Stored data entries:

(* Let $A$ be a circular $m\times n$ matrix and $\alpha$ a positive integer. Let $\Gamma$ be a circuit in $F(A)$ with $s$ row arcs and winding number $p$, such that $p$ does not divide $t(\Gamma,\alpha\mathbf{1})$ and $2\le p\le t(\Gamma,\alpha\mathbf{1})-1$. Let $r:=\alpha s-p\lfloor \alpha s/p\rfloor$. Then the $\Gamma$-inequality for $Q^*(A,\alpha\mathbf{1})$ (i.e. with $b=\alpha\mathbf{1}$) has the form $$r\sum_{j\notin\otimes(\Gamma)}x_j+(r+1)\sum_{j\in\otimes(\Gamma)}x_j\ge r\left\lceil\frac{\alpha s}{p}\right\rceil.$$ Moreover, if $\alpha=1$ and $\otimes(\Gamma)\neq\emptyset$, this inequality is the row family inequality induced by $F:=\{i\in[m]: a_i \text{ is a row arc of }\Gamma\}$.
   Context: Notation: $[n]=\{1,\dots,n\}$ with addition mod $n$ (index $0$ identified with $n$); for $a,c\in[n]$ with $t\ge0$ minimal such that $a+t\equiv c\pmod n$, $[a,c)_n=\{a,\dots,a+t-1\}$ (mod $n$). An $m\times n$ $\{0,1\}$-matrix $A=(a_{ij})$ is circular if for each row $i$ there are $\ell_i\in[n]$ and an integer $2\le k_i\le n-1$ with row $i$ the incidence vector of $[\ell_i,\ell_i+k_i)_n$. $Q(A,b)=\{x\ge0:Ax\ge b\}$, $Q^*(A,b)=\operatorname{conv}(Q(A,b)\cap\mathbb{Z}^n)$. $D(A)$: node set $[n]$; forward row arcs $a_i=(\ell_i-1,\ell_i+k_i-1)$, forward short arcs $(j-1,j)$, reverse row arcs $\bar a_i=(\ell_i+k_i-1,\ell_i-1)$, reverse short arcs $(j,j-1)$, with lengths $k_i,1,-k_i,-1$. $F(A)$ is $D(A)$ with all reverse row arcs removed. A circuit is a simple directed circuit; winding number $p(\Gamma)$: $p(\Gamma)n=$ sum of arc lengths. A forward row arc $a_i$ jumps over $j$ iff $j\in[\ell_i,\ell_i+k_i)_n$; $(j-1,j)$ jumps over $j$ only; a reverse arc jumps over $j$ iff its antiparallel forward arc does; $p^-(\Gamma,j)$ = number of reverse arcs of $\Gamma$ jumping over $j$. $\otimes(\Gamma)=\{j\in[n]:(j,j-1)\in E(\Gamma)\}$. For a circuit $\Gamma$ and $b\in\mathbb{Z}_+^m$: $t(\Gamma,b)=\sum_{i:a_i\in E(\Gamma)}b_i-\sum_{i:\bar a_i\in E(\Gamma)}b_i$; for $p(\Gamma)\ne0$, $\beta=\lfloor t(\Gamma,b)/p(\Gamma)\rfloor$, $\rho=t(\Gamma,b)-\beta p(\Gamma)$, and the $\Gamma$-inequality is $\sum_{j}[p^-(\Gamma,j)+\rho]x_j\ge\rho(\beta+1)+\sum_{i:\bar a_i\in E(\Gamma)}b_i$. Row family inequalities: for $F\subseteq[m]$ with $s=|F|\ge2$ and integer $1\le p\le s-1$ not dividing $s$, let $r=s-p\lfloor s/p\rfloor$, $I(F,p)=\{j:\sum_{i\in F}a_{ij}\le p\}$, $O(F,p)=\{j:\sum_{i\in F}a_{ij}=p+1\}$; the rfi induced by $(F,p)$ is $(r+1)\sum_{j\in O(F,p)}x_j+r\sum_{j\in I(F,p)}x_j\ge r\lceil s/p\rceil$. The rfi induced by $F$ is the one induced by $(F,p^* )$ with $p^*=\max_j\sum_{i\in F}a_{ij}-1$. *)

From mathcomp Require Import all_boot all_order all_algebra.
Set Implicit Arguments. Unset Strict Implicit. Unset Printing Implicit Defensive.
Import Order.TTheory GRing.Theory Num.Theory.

--

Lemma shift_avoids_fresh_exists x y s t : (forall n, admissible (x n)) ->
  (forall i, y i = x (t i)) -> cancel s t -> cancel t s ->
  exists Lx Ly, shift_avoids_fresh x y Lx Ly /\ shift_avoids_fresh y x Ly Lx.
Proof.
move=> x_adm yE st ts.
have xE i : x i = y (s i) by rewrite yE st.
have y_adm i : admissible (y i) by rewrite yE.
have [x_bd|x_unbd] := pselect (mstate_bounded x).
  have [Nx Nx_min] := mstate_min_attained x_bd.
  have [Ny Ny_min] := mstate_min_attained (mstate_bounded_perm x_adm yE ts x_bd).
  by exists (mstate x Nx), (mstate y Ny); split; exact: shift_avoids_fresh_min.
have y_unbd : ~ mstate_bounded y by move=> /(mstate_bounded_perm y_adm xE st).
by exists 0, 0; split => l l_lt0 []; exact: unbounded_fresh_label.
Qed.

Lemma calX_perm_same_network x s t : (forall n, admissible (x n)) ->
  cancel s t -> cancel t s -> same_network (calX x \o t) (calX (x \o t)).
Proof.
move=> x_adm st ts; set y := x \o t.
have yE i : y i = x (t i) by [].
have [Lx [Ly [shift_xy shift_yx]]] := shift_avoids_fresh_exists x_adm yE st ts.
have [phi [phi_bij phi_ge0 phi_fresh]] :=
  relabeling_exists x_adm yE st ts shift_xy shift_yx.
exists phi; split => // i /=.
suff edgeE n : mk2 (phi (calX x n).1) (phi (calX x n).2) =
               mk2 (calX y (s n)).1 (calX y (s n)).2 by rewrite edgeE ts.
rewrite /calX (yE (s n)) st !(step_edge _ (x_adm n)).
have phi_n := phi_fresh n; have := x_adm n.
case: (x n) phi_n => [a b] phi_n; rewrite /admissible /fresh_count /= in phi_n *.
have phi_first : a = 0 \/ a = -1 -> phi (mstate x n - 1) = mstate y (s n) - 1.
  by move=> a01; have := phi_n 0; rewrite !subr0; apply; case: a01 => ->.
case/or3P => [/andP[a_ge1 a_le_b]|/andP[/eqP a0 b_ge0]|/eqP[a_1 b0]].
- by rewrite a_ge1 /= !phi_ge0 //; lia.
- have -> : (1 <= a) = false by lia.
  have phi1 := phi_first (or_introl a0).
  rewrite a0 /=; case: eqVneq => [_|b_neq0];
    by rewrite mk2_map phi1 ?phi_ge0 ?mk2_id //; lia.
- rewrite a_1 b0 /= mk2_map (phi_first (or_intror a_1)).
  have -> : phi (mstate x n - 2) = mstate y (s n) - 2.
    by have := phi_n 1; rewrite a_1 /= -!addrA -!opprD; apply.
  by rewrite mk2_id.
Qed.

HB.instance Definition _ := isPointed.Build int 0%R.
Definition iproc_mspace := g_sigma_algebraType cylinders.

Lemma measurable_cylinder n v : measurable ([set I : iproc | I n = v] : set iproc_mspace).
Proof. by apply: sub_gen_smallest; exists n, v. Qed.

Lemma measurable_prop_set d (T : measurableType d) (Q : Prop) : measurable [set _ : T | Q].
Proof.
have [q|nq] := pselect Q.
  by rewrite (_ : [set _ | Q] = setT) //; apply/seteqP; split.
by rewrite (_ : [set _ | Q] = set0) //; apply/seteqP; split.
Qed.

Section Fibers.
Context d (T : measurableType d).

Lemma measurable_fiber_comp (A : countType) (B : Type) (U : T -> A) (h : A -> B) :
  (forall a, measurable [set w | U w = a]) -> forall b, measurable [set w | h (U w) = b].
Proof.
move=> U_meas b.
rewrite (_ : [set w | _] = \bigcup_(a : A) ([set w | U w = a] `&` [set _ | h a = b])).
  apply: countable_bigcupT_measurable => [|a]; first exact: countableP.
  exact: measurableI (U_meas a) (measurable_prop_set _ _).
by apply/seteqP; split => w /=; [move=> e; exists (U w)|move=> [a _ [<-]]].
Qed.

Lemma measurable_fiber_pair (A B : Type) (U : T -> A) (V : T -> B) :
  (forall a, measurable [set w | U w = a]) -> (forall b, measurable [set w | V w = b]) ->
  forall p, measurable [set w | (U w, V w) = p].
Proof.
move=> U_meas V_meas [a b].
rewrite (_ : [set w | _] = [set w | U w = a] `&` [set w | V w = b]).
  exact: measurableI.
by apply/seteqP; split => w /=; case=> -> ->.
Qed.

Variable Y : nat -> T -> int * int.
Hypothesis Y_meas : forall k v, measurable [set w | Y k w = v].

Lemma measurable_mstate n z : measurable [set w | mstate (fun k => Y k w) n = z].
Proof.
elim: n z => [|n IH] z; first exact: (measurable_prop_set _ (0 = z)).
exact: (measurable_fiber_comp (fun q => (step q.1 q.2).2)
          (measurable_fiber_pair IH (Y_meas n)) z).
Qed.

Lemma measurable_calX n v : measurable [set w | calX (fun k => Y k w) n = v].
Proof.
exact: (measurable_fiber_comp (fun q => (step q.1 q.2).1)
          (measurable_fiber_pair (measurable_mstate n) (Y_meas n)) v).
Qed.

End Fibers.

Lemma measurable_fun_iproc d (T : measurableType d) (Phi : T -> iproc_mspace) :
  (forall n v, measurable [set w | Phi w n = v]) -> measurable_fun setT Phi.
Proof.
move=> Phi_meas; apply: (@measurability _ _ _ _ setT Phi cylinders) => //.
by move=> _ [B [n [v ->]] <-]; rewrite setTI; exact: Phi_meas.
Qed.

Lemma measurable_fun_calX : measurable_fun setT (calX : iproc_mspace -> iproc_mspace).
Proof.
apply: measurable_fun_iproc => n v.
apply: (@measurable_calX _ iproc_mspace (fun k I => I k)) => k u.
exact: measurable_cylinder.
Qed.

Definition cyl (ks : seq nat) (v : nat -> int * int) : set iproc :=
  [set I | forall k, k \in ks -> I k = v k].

## TASK TO CARRY OUT
Each line of the records with the word "Import" in it is to be copied.

## RESULT
From mathcomp Require Import all_boot all_order all_algebra.
Import Order.TTheory GRing.Theory Num.Theory.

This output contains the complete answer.